3. Mencegah Dan Menanggulangi Kekerasan Pada Anak
Peran orang tua dalam melindungi anak dari kekerasan seksual, yaitu:
 Mengenalkan anggota tubuh yang harus dilindungi dan tidak
boleh ada yang menyentuhnya kecuali, ayah, bunda dan dirinya
sendiri.
 Mengajarkan anak cara bereaksi yang tepat jika bagian-bagian
tubuh yang dilindungi oleh orang lain, misalnya dengan lari atau
berteriak minta tolong orang lain.
BAB III
PENUTUP
A. KESIMPULAN
Pendidikan Anak Usia Dini (PAUD) adalah suatu upaya pembinaan
yang ditujukan kepada anak sejak lahir sampai dengan usia enam tahun yang
dilakukan melalu pemberian rangsangan pendidikan untuk membantu
pertumbuhan dan perkembangan jasmani dan rohani agar anak memiliki
kesiapan dalam memasuki pendidikan lebih lanjut. Pendidikan dilakukan
melalui tiga lingkungan yaitu lingkungan keluarga, sekolah dan organisasi.
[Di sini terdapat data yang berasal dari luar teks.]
Theorem proposition3p1
  (beta mu gamma a : R) (g v : R -> R) (g0 gU v0 vU r : R)
  (hbeta : 0 < beta) (hmu : 0 < mu) (hgamma : 0 < gamma) (ha : 0 < a)
  (hg_C1 : forall x, ex_derive g x /\ continuous (Derive g) x)
  (hg0 : 0 < g0) (hg : forall x, g0 <= g x <= gU)
  (hv_C1 : forall x, ex_derive v x /\ continuous (Derive v) x)
  (hv0 : 0 < v0) (hv : forall x, v0 <= v x <= vU)
  (hr : a / v0 < r) :
  forall c : R, 0 < c -> exists c' : R, 0 < c' /\
    forall (phi : R -> R), in_XG beta mu gamma a r g v phi ->
      (forall t, -r <= t <= 0 -> Rabs (phi t) <= c) ->
      forall (x : R -> R) (T : Rbar),
        is_max_solution beta mu gamma a r g v phi x T ->
        forall t, -r <= t -> Rbar_lt t T -> Rabs (x t) <= c'.
Proof.
  intros c hc.
  set (K := beta * (vU / v0) * gU).
  exists (Rmax c (K / gamma)); split; [eapply Rlt_le_trans; [exact hc | apply Rmax_l] |].
  intros phi _ hphi x T [[_ [HC1 [Hinit Hode]]] _] t ht htT.
  destruct (Rle_lt_dec t 0) as [ht0 | ht0].
  { rewrite Hinit by (unfold Iseg; lra); eapply Rle_trans; [apply hphi; lra | apply Rmax_l]. }
  assert (hvc : forall z, continuous v z)
    by (intros z; apply (@ex_derive_continuous R_AbsRing R_NormedModule), hv_C1).
  assert (hr0 : 0 < r) by (apply Rlt_trans with (a / v0); [apply Rdiv_lt_0_compat |]; lra).
  assert (Hdom : forall s, 0 <= s <= t -> -r <= s /\ Rbar_lt s T).
  { intros s Hs; split; [lra | apply Rbar_le_lt_trans with t; [simpl; lra | exact htT]]. }
  assert (Hx : forall s, -r < s -> s <= t -> continuity_pt x s).
  { intros s Hr Ht; apply (C1_on_history_continuity_pt r T); auto.
    apply Rbar_le_lt_trans with t; [simpl; lra | exact htT]. }
  eapply Rle_trans.
  - apply (Rabs_le_Rmax_of_feedback _ gamma t hgamma ltac:(lra) Hdom x
      (fun p => Gfun beta mu gamma a r g v (seg x p)) K).
    + intros s Hs; apply Hx; lra.
    + intros p Hp; split; [apply Hode; [lra | apply Hdom; lra] |].
      replace (x p) with (seg x p 0) by (unfold seg; f_equal; ring).
      apply (Gfun_add_decay_bounds _ _ _ _ _ _ _ g0 gU v0 vU); auto; [lra |].
      intros s Hs; apply seg_continuous, Hx; lra.
  - rewrite (Hinit 0) by (unfold Iseg; lra).
    apply Rle_max_compat_r, hphi; lra.
Qed.
Lemma sum_ord3 (M : nmodType) (F : 'I_3 -> M) (i : 'I_3) :
  \sum_j F j = F i + F (ordS i) + F (ordS (ordS i)).
Proof.
have sum0 : \sum_j F j = F ord0 + F (ordS ord0) + F (ordS (ordS ord0)).
  rewrite !big_ord_recl big_ord0 addr0 addrA.
  by congr (_ + F _ + F _); apply/val_inj.
case: (ord3_orbit ord0 i) => [->|[->|->]] //; rewrite sum0 ?ordS3K.
  by rewrite -addrA addrC.
by rewrite addrC addrA.
Qed.

Lemma sum_indicator (I : finType) (R : pzSemiRingType) (F : I -> R) (a : I) :
  \sum_i (a == i)%:R * F i = F a.
Proof.
rewrite (bigD1 a) //= eqxx mul1r big1 ?addr0 // => i /negPf.
by rewrite eq_sym => ->; rewrite mul0r.
Qed.

Lemma sum_mul_if_eq (I : finType) (R : pzSemiRingType) (F : I -> R) (a : I) (c : R) :
  \sum_i F i * (if i == a then c else 0) = F a * c.
Proof. by rewrite (bigD1 a) //= eqxx big1 ?addr0 // => i /negPf ->; rewrite mulr0. Qed.

Section PlaneAlgebra.
Variable R : comPzRingType.
Implicit Types a b c x y d : R * R.

Definition aff (c0 c1 c2 : R) x : R := c0 + c1 * x.1 + c2 * x.2.
Definition area2 a b c : R := (b.1 - a.1) * (c.2 - a.2) - (b.2 - a.2) * (c.1 - a.1).
Definition cross a b : R := a.1 * b.2 - a.2 * b.1.
Definition dot a b : R := a.1 * b.1 + a.2 * b.2.
Definition vsub a b : R * R := (a.1 - b.1, a.2 - b.2).
Definition shift x d (s : R) : R * R := (x.1 + s * d.1, x.2 + s * d.2).

Lemma area2_rot a b c : area2 b c a = area2 a b c.
Proof. rewrite /area2; ring. Qed.

Lemma area2_aac a c : area2 a a c = 0.
Proof. rewrite /area2; ring. Qed.

Lemma area2_aba a b : area2 a b a = 0.
Proof. rewrite /area2; ring. Qed.

Lemma area2_split a b c x : area2 x b c + area2 x c a + area2 x a b = area2 a b c.
Proof. rewrite /area2; ring. Qed.
(* The messages on [C] determine the output of the decoder, because every path
   from [D W] to [rho] crosses [C] or [W], and the messages on [W] are fixed. *)
Lemma rate_le_cut (r : nat) (W C : {set E}) :
  network tl hd rho -> Wr' tl hd r W -> Cstar tl hd rho W C ->
  admissible R r c -> (l <= n * #|C|)%N.
Proof.
move=> net [Wr Wn _] [[_ sepC _] _] [dec_ok sec].
have [s0v Ds0] := Dset_nonempty (network_acyclic net) Wn.
pose s0 : srcT hd := exist _ s0v (proj1 Ds0).
have [wa [sum_wa globW wa_out]] := secret_family (s0 := s0) (sec W Wr) Ds0.
pose f a := [ffun e : {e | e \in C} => glob (wa a) (val e)].
have f_inj : injective f.
  move=> a b fab; rewrite -(sum_wa a) -(sum_wa b) -!dec_ok.
  apply: dec_local => e erho.
  apply: (glob_eq_sep (network_acyclic net) (wa_out a b) _ (sep_residual sepC)).
    move=> e'; rewrite inE => /orP[e'C | e'W]; last exact: globW.
    by move/ffunP: fab => /(_ (exist _ e' e'C)); rewrite !ffunE.
  by rewrite inE.
have := leq_card f f_inj; rewrite card_ffun card_sig !card_mx !mul1n -expnM.
by rewrite leq_exp2l ?card_finNzRing_gt1.
Qed.

End RateBound.
(* Identifying u and v collapses every a in J_u that is not in J_v: by (2)
   one of u, v lies strictly below the other. *)
Lemma collapse_split r u v a : congruence op r -> r u v ->
  Jcl op a u -> ~ Jcl op a v -> r a z.
Proof.
  intros Hr H Hu Hv.
  destruct (Jp_chain Hchain u v) as [Huv|Hvu].
  - assert (Hvu : Jp op v u) by (apply Huv, Jp_refl).
    assert (Hnc : ~ Jcl op v u)
      by (intro HC; apply Hv; eapply Jcl_trans; [exact Hu | apply Jcl_sym; exact HC]).
    apply (cong_J r v a); [exact Hr | |].
    + apply (collapse_below r v u); auto. apply cong_sym; auto.
    + eapply Jp_trans; [exact Hvu | apply Jcl_Jp'; exact Hu].
  - assert (Huv : Jp op u v) by (apply Hvu, Jp_refl).
    assert (Hnc : ~ Jcl op u v) by (intro HC; apply Hv; eapply Jcl_trans; eauto).
    apply (cong_J r u a); [exact Hr | apply (collapse_below r u v); auto | apply Jcl_Jp'; exact Hu].
Qed.

(* By (5): identifying the two elements of J_p collapses I(p). *)
Lemma collapse_under_class r p q : congruence op r -> r p q -> p <> q -> Jcl op p q ->
  forall a, Icl op p a -> r a z.
Proof.
  intros Hr Hpq Hne Hc a Ha.
  destruct (classic (zero_below p)) as [Hz|Hz].
  { apply Hz in Ha. subst a. apply cong_refl; auto. }
  assert (Htwo : two_class p).
  { exists p, q. split; auto. intro s; split; [apply Jclass_pair; auto|].
    intros [-> | ->]; [apply Jcl_refl | exact Hc]. }
  destruct (Hcond5 p a Htwo Hz Ha) as [x [y [[t1 [Ht1 H1]] [t2 [Ht2 H2]]]]].
  apply (collapse_split r (ctx x t1 y) (ctx x t2 y) a); auto.
  apply cong_ctx; auto. apply (cong_pair r p q); auto; apply Jclass_pair; auto.
Qed.

Lemma glue_in_cong r K T : congruence op r -> (forall x, K x -> r x z) ->
  (forall x y, T x -> T y -> r x y) -> subrel (glue K T) r.
Proof.
  intros Hr HK HT x y [->|[[A B]|[A B]]]; [apply cong_refl; auto | | auto].
  apply cong_trans with z; auto. apply cong_sym; auto.
Qed.

Lemma pair_shape p q : p <> q -> exists K T, shape K T /\ glue K T p q /\
  forall r, congruence op r -> r p q -> subrel (glue K T) r.
Proof.
  intros Hne. destruct (classic (Jcl op p q)) as [Hc|Hc].
  - exists (Icl op p), (Jcl op p). split; [constructor|split].
    + right; right. split; [apply Jcl_refl | exact Hc].
    + intros r Hr Hpq. apply glue_in_cong; auto.
      * apply (collapse_under_class r p q); auto.
      * intros u v Hu Hv. apply (cong_pair r p q); auto; apply (Jclass_pair p q Hc Hne); auto.
  - destruct (Jp_chain Hchain p q) as [H|H].
    + exists (Jp op q), (fun _ => False). split; [constructor|split].
      * right; left. split; [apply H, Jp_refl | apply Jp_refl].
      * intros r Hr Hpq. apply glue_in_cong; [auto| |tauto].
        intros w Hw. apply (cong_J r q w); auto.
        apply (collapse_below r q p); auto.
        -- apply H, Jp_refl.
        -- intro HC; apply Hc, Jcl_sym; exact HC.
        -- apply cong_sym; auto.
    + exists (Jp op p), (fun _ => False). split; [constructor|split].
      * right; left. split; [apply Jp_refl | apply H, Jp_refl].
      * intros r Hr Hpq. apply glue_in_cong; [auto| |tauto].
        intros w Hw. apply (cong_J r p w); auto.
        apply (collapse_below r p q); auto. apply H, Jp_refl.
Qed.

(* Conditions (2)-(5) make S a Delta-semigroup: if (p, q) is in r but not in
   s, the shape relation of any (x, y) in s is contained in that of (p, q). *)
Lemma backward_delta : Delta_semigroup op.
Proof.
  intros r s Hr Hs.
  destruct (classic (subrel r s)) as [A|A]; [left; exact A|right].
  apply not_all_ex_not in A. destruct A as [p A].
  apply not_all_ex_not in A. destruct A as [q A].
  apply imply_to_and in A. destruct A as [Hrpq Hspq].
  assert (Hpq : p <> q) by (intro; subst; apply Hspq, cong_refl; auto).
  intros x y Hxy.
  destruct (classic (x = y)) as [->|Hne]; [apply cong_refl; auto|].
  destruct (pair_shape x y Hne) as [K [T [ShK [Gxy Cxy]]]].
  destruct (pair_shape p q Hpq) as [K' [T' [ShK' [Gpq Cpq]]]].
  destruct (shape_chain Hchain _ _ _ _ ShK ShK') as [B|B].
  - apply (Cpq r Hr Hrpq). apply B; auto.
  - exfalso. apply Hspq, (Cxy s Hs Hxy), B; auto.
Qed.

End Backward.
End Decomposition.
End Semigroup.

Theorem theorem1 (S : Type) (op : S -> S -> S) (Hassoc : associative op) :
  T2R op <->
  exists (S0 : S -> Prop) (z : S),
    (* (1) *)
    (T2R_decomp op S0 z /\
     (forall a c, S0 a -> ~ S0 c -> S0 (op a c))) /\
    (* (2) *)
    (forall I J, ideal op I -> ideal op J ->
       (forall s, I s -> J s) \/ (forall s, J s -> I s)) /\
    (* (3) *)
    (forall b, S0 b ->
       (exists c, ~ S0 c /\ b = op b c) \/
       (forall c, ~ S0 c ->
          exists (x : option S) (d : S), S0 d /\ op b c = lmul op x (op b d))) /\
    (* (4) *)
    (forall b, S0 b ->
       (forall s, (exists c, ~ S0 c /\ s = op c b) <-> s = b) \/
       (exists c, ~ S0 c /\
          ((exists d (y : option S), S0 d /\ op c b = op d (rmul op b y)) \/
           (exists (x : option S) d, S0 d /\ op c b = lmul op x (op b d))))) /\
    (* (5) *)
    (forall b a,
       (exists u v, u <> v /\ forall s, Jcl op b s <-> (s = u \/ s = v)) ->
       ~ (forall s, Icl op b s <-> s = z) ->
       Icl op b a ->
       exists x y : option S,
         (exists t, Jcl op b t /\ Jcl op a (rmul op (lmul op x t) y)) /\
         (exists t, Jcl op b t /\ ~ Jcl op a (rmul op (lmul op x t) y))).
Proof.
  split.
  - intros [HDelta [S0 [z HD]]]. exists S0, z.
    split; [split; [exact HD | intros a c Ha _; eapply S0_r; eauto]|].
    split; [exact (delta_ideals_chain S op HDelta)|].
    split; [intros b Hb; eapply delta_cond3; eauto|].
    split; [intros b Hb; eapply delta_cond4; eauto|].
    intros b a; eapply delta_cond5; eauto.
  - intros [S0 [z [[HD _] [H2 [H3 [H4 H5]]]]]]. split.
    + eapply backward_delta; eauto.
    + exists S0, z; exact HD.
Qed.
Section Valid.
Hypothesis f_ge0 : forall x y t, 0 <= f x y t.
Hypothesis f_sum : forall x, margT (f x) true + margT (f x) false = 1.
Hypothesis f_meas : forall y t, measurable_fun setT (fun x => f x y t).
Hypotheses (rho0_meas : measurable_fun setT rho0) (rho1_meas : measurable_fun setT rho1).
Hypothesis rho0_range : forall x, 0 <= rho0 x <= risk (f x) true.
Hypothesis rho1_range : forall x, risk (f x) false <= rho1 x <= 1.

Lemma cf_IsPopulation (mu : {measure set X -> \bar R}) :
  measurable_fun setT g -> (forall x, 0 <= g x) -> (\int[mu]_x (g x)%:E = 1)%E ->
  IsPopulation mu Q.
Proof.
move=> g_meas g_ge0 g_int; do 3 split => //; split.
  move=> x y1 y0 t /=.
  have m1_ge0 : 0 <= margT (f x) true by rewrite addr_ge0.
  have m0_ge0 : 0 <= margT (f x) false by rewrite addr_ge0.
  have r1E : margT (f x) true * risk (f x) true = f x true true by rewrite margT_risk.
  have r0E : margT (f x) false * risk (f x) false = f x true false by rewrite margT_risk.
  move: (rho0_range x) (rho1_range x) => /andP[? ?] /andP[? ?].
  by case: y1; case: y0; case: t => //=; nra.
split=> [x|y1 y0 t].
  by have := f_sum x; rewrite !big_bool /= /margT; lra.
have m_meas s : measurable_fun setT (fun x => margT (f x) s) by exact: measurable_margT.
by case: y1; case: y0; case: t => /=;
  do ?[exact: measurable_cst | exact: f_meas | exact: m_meas | apply: measurable_funB |
       apply: measurable_funM].
Qed.

End Valid.
(* Spin representation: matrix (in the basis e_T, T even) of left    *)
(* multiplication by theta(A) on C^+ : entry (U,T) is the coefficient *)
(* of e_U in theta(A) e_T.                                            *)
Definition spin_rep (a : I -> F) (A : I -> I -> F) : evset -> evset -> F :=
  fun U T => clmul a (spin_elt a A) (clbasis (val T)) (val U).

End Clifford.

Section Reps.
Variable F : fieldType.

Definition rep_iso (G : Type) (dom : G -> Prop) (X Y : finType)
    (rho : G -> X -> X -> F) (tau : G -> Y -> Y -> F) : Prop :=
  exists (P : Y -> X -> F) (Q : X -> Y -> F),
    [/\ (forall y y', \sum_(x : X) P y x * Q x y' = (y == y')%:R),
        (forall x x', \sum_(y : Y) Q x y * P y x' = (x == x')%:R)
      & (forall g, dom g -> forall y x,
           \sum_(x' : X) P y x' * rho g x' x
           = \sum_(y' : Y) tau g y y' * P y' x)].

(* exterior tensor product of the matrices R_0, ..., R_(n-1) acting  *)
(* (as Lie algebra elements) on the tensor product, basis {ffun 'I_n -> Y}: *)
(* sum_i 1 (x) ... (x) R_i (x) ... (x) 1.                             *)
Definition ext_tensor (n : nat) (Y : finType) (R : 'I_n -> Y -> Y -> F)
  : {ffun 'I_n -> Y} -> {ffun 'I_n -> Y} -> F :=
  fun u w => \sum_(i < n) R i (u i) (w i) *
               \prod_(j < n | j != i) (u j == w j)%:R.

Definition copies (k : nat) (Y : finType) (R : Y -> Y -> F)
  : 'I_k * Y -> 'I_k * Y -> F :=
  fun p q => (p.1 == q.1)%:R * R p.2 q.2.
Namun disini keluarga merupakan pendidikan pertama dan terpenting.
Seiring berkembangnya lembaga pendidikan, dijelaskan bahwa
pendidikan yang paling tertua adalah pendidikan yang berasal dari keluarga
khususnya pendidikan yang diberikan orang tua. Orang tua sangat berpengaruh
terhadap pertumbuhan dan perkembangan anak sebab orang tua merupakan
guru pertama dan utama bagi anak. Memahami betapa pentingnya peran orang
tua bagi pendidikan dan perkembangan anak, orang tua harus mampu
melaksanakan tugas dan fungsinya dengan lebih baik.
Selain orang tua memerankan diri sebagai orang tua dimata anak secara
lebih bijaksana. Orang tua juga harus menjaga komunikasi dan senantiasa
memotivasi anak untuk melakukan hal-hal yang bermanfaat bagi dirinnya, bagi
orang tua dan bagi orang lain. Karena anak adalah masa depan bangsa. Peran
anak akan sangat menentukan nasib bangsa kedepannya, maka dari itu orang
tua harus bisa mendidik dan memotivasi anaknya untuk berbuat kebaikan dan
bisa bermanfaat bagi orang lain.
Dalam upaya menyiapkan anak menjadi manusia yang seutuhnya maka
dukungan serta keterlibatan orang tua dirumah sangat diperlukan. Keterlibatan
dan dukungan orang tua di rumah perlu didorong karena dapat membantu
membangun harga diri anak dalam masalah kedisiplinan anak serta
meningkatkan kesadaran akan belajar anak.